(Stored data)
******************************
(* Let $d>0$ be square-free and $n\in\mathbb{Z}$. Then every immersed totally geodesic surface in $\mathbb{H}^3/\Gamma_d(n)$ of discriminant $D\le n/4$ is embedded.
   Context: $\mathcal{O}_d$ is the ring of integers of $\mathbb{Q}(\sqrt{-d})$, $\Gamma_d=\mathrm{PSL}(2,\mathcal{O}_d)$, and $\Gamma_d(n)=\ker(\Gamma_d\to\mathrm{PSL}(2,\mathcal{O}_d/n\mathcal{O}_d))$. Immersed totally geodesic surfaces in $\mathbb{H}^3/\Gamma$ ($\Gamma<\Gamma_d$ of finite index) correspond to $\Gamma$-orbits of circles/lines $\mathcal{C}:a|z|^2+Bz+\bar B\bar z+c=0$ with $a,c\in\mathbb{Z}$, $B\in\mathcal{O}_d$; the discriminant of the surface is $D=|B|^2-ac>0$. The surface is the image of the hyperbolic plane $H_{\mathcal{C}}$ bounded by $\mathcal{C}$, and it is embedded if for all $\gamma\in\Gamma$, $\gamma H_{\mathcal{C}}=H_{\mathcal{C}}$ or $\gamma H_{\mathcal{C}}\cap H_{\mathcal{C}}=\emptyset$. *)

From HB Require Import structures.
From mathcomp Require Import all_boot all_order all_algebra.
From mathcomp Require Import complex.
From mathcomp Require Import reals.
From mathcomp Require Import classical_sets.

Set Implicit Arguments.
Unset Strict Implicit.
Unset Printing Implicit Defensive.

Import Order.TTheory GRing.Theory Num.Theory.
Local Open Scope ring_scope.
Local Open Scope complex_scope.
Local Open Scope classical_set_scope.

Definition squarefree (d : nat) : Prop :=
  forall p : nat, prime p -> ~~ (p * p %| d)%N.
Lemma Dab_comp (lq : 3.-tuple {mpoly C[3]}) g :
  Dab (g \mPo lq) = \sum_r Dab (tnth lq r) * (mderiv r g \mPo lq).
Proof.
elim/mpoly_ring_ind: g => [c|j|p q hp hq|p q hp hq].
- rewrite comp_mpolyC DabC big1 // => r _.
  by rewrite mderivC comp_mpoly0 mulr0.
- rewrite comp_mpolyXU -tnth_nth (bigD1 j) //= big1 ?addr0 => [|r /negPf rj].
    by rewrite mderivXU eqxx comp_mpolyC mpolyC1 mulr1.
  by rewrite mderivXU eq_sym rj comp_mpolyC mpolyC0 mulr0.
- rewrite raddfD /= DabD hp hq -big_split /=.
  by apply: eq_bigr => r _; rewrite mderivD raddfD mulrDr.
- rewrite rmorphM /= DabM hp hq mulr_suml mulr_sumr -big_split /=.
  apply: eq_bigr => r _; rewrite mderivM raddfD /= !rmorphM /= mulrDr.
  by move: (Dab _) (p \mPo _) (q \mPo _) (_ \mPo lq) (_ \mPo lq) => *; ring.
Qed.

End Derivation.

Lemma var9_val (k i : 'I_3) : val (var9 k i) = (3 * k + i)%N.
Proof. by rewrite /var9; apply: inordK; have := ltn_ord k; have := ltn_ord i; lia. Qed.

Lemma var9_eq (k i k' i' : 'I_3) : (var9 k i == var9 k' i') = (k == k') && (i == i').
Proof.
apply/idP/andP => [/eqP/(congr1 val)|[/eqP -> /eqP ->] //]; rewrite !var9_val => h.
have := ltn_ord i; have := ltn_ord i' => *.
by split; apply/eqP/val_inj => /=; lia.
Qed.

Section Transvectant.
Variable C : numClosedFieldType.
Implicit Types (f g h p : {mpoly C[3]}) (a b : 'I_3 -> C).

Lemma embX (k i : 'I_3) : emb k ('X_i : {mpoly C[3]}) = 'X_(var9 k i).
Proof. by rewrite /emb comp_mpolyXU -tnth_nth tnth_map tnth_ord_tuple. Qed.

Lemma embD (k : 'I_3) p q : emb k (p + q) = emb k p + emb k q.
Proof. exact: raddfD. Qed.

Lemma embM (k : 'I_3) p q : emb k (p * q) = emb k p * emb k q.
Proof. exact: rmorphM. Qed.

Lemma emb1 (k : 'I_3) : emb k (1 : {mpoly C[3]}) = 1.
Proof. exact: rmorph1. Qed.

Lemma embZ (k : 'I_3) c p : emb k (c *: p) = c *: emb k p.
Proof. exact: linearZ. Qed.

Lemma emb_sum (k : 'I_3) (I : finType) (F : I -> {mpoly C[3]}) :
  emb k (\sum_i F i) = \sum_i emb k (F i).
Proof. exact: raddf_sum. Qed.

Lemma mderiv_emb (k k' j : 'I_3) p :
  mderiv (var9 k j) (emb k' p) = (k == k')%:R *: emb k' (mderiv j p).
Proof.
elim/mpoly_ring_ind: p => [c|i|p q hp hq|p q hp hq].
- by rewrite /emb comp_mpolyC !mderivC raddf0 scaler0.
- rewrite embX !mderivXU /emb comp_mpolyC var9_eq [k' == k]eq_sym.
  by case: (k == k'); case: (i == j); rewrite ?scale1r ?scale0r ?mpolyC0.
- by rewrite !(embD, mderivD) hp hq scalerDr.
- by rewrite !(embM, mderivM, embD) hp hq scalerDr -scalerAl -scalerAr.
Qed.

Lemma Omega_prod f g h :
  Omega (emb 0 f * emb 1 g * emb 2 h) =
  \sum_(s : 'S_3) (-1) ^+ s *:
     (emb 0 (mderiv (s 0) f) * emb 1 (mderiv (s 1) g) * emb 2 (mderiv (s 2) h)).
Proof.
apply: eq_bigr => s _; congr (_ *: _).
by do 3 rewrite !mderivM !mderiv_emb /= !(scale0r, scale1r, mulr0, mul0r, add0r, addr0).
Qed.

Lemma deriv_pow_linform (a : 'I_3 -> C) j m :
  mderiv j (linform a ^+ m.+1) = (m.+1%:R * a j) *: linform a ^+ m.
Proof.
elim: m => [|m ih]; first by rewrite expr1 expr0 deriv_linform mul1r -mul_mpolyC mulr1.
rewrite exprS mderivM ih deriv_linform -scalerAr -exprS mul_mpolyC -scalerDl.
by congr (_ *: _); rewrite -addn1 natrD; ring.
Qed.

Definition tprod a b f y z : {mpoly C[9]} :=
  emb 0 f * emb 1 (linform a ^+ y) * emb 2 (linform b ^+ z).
******************************
- [Exercise requirements]
Your answer should consist of every record, restated exactly.

- [Task output]
(* Let $d>0$ be square-free and $n\in\mathbb{Z}$. Then every immersed totally geodesic surface in $\mathbb{H}^3/\Gamma_d(n)$ of discriminant $D\le n/4$ is embedded.
   Context: $\mathcal{O}_d$ is the ring of integers of $\mathbb{Q}(\sqrt{-d})$, $\Gamma_d=\mathrm{PSL}(2,\mathcal{O}_d)$, and $\Gamma_d(n)=\ker(\Gamma_d\to\mathrm{PSL}(2,\mathcal{O}_d/n\mathcal{O}_d))$. Immersed totally geodesic surfaces in $\mathbb{H}^3/\Gamma$ ($\Gamma<\Gamma_d$ of finite index) correspond to $\Gamma$-orbits of circles/lines $\mathcal{C}:a|z|^2+Bz+\bar B\bar z+c=0$ with $a,c\in\mathbb{Z}$, $B\in\mathcal{O}_d$; the discriminant of the surface is $D=|B|^2-ac>0$. The surface is the image of the hyperbolic plane $H_{\mathcal{C}}$ bounded by $\mathcal{C}$, and it is embedded if for all $\gamma\in\Gamma$, $\gamma H_{\mathcal{C}}=H_{\mathcal{C}}$ or $\gamma H_{\mathcal{C}}\cap H_{\mathcal{C}}=\emptyset$. *)

From HB Require Import structures.
From mathcomp Require Import all_boot all_order all_algebra.
From mathcomp Require Import complex.
From mathcomp Require Import reals.
From mathcomp Require Import classical_sets.

Set Implicit Arguments.
Unset Strict Implicit.
Unset Printing Implicit Defensive.

Import Order.TTheory GRing.Theory Num.Theory.
Local Open Scope ring_scope.
Local Open Scope complex_scope.
Local Open Scope classical_set_scope.

Definition squarefree (d : nat) : Prop :=
  forall p : nat, prime p -> ~~ (p * p %| d)%N.
Lemma Dab_comp (lq : 3.-tuple {mpoly C[3]}) g :
  Dab (g \mPo lq) = \sum_r Dab (tnth lq r) * (mderiv r g \mPo lq).
Proof.
elim/mpoly_ring_ind: g => [c|j|p q hp hq|p q hp hq].
- rewrite comp_mpolyC DabC big1 // => r _.
  by rewrite mderivC comp_mpoly0 mulr0.
- rewrite comp_mpolyXU -tnth_nth (bigD1 j) //= big1 ?addr0 => [|r /negPf rj].
    by rewrite mderivXU eqxx comp_mpolyC mpolyC1 mulr1.
  by rewrite mderivXU eq_sym rj comp_mpolyC mpolyC0 mulr0.
- rewrite raddfD /= DabD hp hq -big_split /=.
  by apply: eq_bigr => r _; rewrite mderivD raddfD mulrDr.
- rewrite rmorphM /= DabM hp hq mulr_suml mulr_sumr -big_split /=.
  apply: eq_bigr => r _; rewrite mderivM raddfD /= !rmorphM /= mulrDr.
  by move: (Dab _) (p \mPo _) (q \mPo _) (_ \mPo lq) (_ \mPo lq) => *; ring.
Qed.

End Derivation.

Lemma var9_val (k i : 'I_3) : val (var9 k i) = (3 * k + i)%N.
Proof. by rewrite /var9; apply: inordK; have := ltn_ord k; have := ltn_ord i; lia. Qed.

Lemma var9_eq (k i k' i' : 'I_3) : (var9 k i == var9 k' i') = (k == k') && (i == i').
Proof.
apply/idP/andP => [/eqP/(congr1 val)|[/eqP -> /eqP ->] //]; rewrite !var9_val => h.
have := ltn_ord i; have := ltn_ord i' => *.
by split; apply/eqP/val_inj => /=; lia.
Qed.

Section Transvectant.
Variable C : numClosedFieldType.
Implicit Types (f g h p : {mpoly C[3]}) (a b : 'I_3 -> C).

Lemma embX (k i : 'I_3) : emb k ('X_i : {mpoly C[3]}) = 'X_(var9 k i).
Proof. by rewrite /emb comp_mpolyXU -tnth_nth tnth_map tnth_ord_tuple. Qed.

Lemma embD (k : 'I_3) p q : emb k (p + q) = emb k p + emb k q.
Proof. exact: raddfD. Qed.

Lemma embM (k : 'I_3) p q : emb k (p * q) = emb k p * emb k q.
Proof. exact: rmorphM. Qed.

Lemma emb1 (k : 'I_3) : emb k (1 : {mpoly C[3]}) = 1.
Proof. exact: rmorph1. Qed.

Lemma embZ (k : 'I_3) c p : emb k (c *: p) = c *: emb k p.
Proof. exact: linearZ. Qed.

Lemma emb_sum (k : 'I_3) (I : finType) (F : I -> {mpoly C[3]}) :
  emb k (\sum_i F i) = \sum_i emb k (F i).
Proof. exact: raddf_sum. Qed.

Lemma mderiv_emb (k k' j : 'I_3) p :
  mderiv (var9 k j) (emb k' p) = (k == k')%:R *: emb k' (mderiv j p).
Proof.
elim/mpoly_ring_ind: p => [c|i|p q hp hq|p q hp hq].
- by rewrite /emb comp_mpolyC !mderivC raddf0 scaler0.
- rewrite embX !mderivXU /emb comp_mpolyC var9_eq [k' == k]eq_sym.
  by case: (k == k'); case: (i == j); rewrite ?scale1r ?scale0r ?mpolyC0.
- by rewrite !(embD, mderivD) hp hq scalerDr.
- by rewrite !(embM, mderivM, embD) hp hq scalerDr -scalerAl -scalerAr.
Qed.

Lemma Omega_prod f g h :
  Omega (emb 0 f * emb 1 g * emb 2 h) =
  \sum_(s : 'S_3) (-1) ^+ s *:
     (emb 0 (mderiv (s 0) f) * emb 1 (mderiv (s 1) g) * emb 2 (mderiv (s 2) h)).
Proof.
apply: eq_bigr => s _; congr (_ *: _).
by do 3 rewrite !mderivM !mderiv_emb /= !(scale0r, scale1r, mulr0, mul0r, add0r, addr0).
Qed.

Lemma deriv_pow_linform (a : 'I_3 -> C) j m :
  mderiv j (linform a ^+ m.+1) = (m.+1%:R * a j) *: linform a ^+ m.
Proof.
elim: m => [|m ih]; first by rewrite expr1 expr0 deriv_linform mul1r -mul_mpolyC mulr1.
rewrite exprS mderivM ih deriv_linform -scalerAr -exprS mul_mpolyC -scalerDl.
by congr (_ *: _); rewrite -addn1 natrD; ring.
Qed.

Definition tprod a b f y z : {mpoly C[9]} :=
  emb 0 f * emb 1 (linform a ^+ y) * emb 2 (linform b ^+ z).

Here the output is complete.